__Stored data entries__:
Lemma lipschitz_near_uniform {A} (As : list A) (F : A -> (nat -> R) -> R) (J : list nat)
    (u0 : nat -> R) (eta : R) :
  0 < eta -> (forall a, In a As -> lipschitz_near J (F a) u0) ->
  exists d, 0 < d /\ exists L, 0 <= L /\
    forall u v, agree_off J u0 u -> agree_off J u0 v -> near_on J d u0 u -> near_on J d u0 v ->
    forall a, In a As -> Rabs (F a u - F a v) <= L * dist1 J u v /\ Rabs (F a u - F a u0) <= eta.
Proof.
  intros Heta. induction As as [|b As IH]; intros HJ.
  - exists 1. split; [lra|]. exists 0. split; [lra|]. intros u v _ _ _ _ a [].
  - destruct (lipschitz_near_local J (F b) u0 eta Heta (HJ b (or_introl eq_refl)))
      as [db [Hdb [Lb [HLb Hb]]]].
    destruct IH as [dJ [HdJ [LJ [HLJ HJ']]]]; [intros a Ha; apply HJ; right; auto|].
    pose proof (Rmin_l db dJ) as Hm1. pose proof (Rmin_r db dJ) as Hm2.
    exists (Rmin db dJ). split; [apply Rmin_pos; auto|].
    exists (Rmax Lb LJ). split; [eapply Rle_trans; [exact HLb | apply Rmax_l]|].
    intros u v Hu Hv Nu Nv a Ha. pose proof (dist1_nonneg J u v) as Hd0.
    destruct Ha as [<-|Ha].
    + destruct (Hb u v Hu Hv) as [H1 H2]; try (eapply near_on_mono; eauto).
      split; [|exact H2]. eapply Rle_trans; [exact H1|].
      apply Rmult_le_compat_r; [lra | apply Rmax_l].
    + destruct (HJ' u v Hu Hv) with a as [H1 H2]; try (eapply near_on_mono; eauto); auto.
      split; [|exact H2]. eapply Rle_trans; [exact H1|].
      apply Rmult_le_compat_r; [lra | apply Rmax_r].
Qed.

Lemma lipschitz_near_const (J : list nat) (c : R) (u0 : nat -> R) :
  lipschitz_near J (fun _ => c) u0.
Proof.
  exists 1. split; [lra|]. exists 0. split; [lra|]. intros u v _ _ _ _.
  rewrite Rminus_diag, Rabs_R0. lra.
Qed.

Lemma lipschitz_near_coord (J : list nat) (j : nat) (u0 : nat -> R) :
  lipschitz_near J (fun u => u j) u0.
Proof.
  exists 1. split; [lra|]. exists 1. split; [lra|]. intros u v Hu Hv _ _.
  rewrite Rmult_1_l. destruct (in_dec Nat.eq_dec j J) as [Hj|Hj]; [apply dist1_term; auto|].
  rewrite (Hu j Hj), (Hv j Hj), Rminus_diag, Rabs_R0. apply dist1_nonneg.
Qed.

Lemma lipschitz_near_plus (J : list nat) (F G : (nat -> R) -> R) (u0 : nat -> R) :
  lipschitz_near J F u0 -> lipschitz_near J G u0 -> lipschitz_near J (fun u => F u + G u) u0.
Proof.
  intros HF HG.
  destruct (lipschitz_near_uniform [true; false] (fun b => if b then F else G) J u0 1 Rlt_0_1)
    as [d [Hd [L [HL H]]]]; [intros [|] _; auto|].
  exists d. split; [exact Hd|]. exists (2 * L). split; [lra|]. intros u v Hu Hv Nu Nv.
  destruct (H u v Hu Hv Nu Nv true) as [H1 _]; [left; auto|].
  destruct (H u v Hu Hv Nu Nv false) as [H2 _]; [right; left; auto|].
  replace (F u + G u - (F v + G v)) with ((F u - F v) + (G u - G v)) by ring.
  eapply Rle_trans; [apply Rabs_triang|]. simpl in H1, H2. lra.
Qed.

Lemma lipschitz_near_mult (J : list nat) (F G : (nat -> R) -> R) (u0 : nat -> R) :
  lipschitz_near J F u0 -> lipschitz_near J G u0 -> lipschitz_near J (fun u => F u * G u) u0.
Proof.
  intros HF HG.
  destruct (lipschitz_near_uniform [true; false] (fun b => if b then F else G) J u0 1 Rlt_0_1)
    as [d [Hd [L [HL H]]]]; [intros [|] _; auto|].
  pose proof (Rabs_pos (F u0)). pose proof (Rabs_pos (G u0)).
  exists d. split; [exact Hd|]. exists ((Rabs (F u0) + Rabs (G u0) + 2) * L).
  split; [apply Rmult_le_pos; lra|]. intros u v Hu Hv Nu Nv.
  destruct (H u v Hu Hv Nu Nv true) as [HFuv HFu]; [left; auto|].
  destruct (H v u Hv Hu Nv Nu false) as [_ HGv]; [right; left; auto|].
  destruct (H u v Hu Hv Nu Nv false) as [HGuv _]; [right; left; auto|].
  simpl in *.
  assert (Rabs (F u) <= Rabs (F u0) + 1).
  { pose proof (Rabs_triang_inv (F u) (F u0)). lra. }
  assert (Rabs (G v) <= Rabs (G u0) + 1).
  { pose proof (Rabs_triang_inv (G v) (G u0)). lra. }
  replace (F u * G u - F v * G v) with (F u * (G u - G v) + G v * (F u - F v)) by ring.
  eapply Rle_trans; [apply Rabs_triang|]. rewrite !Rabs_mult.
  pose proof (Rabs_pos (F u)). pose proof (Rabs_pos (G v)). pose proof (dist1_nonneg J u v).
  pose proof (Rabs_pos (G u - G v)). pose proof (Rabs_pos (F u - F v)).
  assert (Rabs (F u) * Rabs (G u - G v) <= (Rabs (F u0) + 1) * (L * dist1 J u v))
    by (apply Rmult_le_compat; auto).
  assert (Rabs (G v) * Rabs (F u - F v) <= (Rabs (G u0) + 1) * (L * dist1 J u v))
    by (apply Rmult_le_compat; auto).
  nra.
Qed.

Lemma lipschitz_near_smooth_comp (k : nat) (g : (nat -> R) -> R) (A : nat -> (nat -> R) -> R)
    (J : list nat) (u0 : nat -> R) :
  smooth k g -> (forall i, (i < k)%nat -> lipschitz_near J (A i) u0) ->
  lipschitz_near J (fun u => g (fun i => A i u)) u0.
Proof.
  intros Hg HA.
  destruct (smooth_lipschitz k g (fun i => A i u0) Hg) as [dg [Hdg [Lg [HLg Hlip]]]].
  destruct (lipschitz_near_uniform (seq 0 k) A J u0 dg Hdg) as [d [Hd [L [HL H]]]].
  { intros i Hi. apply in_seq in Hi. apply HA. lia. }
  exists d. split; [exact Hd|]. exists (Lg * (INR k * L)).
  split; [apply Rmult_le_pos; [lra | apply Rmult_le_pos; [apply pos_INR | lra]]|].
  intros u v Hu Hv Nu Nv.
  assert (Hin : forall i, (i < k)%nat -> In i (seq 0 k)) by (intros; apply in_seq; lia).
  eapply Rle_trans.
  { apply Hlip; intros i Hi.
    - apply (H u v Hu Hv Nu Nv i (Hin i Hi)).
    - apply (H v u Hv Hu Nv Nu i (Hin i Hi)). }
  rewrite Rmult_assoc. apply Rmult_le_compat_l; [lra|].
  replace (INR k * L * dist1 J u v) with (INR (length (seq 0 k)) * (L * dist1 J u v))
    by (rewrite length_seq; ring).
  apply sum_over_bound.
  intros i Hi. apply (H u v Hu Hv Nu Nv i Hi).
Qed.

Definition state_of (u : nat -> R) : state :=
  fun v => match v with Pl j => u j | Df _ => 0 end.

__Task goal__:
Copy out only the lines of the records above from the one with "Lemma lipschitz_near_plus (J" through the one with "replace (F u *", exactly as they stand, both included.

__Answer to this task__:
Lemma lipschitz_near_plus (J : list nat) (F G : (nat -> R) -> R) (u0 : nat -> R) :
  lipschitz_near J F u0 -> lipschitz_near J G u0 -> lipschitz_near J (fun u => F u + G u) u0.
Proof.
  intros HF HG.
  destruct (lipschitz_near_uniform [true; false] (fun b => if b then F else G) J u0 1 Rlt_0_1)
    as [d [Hd [L [HL H]]]]; [intros [|] _; auto|].
  exists d. split; [exact Hd|]. exists (2 * L). split; [lra|]. intros u v Hu Hv Nu Nv.
  destruct (H u v Hu Hv Nu Nv true) as [H1 _]; [left; auto|].
  destruct (H u v Hu Hv Nu Nv false) as [H2 _]; [right; left; auto|].
  replace (F u + G u - (F v + G v)) with ((F u - F v) + (G u - G v)) by ring.
  eapply Rle_trans; [apply Rabs_triang|]. simpl in H1, H2. lra.
Qed.

Lemma lipschitz_near_mult (J : list nat) (F G : (nat -> R) -> R) (u0 : nat -> R) :
  lipschitz_near J F u0 -> lipschitz_near J G u0 -> lipschitz_near J (fun u => F u * G u) u0.
Proof.
  intros HF HG.
  destruct (lipschitz_near_uniform [true; false] (fun b => if b then F else G) J u0 1 Rlt_0_1)
    as [d [Hd [L [HL H]]]]; [intros [|] _; auto|].
  pose proof (Rabs_pos (F u0)). pose proof (Rabs_pos (G u0)).
  exists d. split; [exact Hd|]. exists ((Rabs (F u0) + Rabs (G u0) + 2) * L).
  split; [apply Rmult_le_pos; lra|]. intros u v Hu Hv Nu Nv.
  destruct (H u v Hu Hv Nu Nv true) as [HFuv HFu]; [left; auto|].
  destruct (H v u Hv Hu Nv Nu false) as [_ HGv]; [right; left; auto|].
  destruct (H u v Hu Hv Nu Nv false) as [HGuv _]; [right; left; auto|].
  simpl in *.
  assert (Rabs (F u) <= Rabs (F u0) + 1).
  { pose proof (Rabs_triang_inv (F u) (F u0)). lra. }
  assert (Rabs (G v) <= Rabs (G u0) + 1).
  { pose proof (Rabs_triang_inv (G v) (G u0)). lra. }
  replace (F u * G u - F v * G v) with (F u * (G u - G v) + G v * (F u - F v)) by ring.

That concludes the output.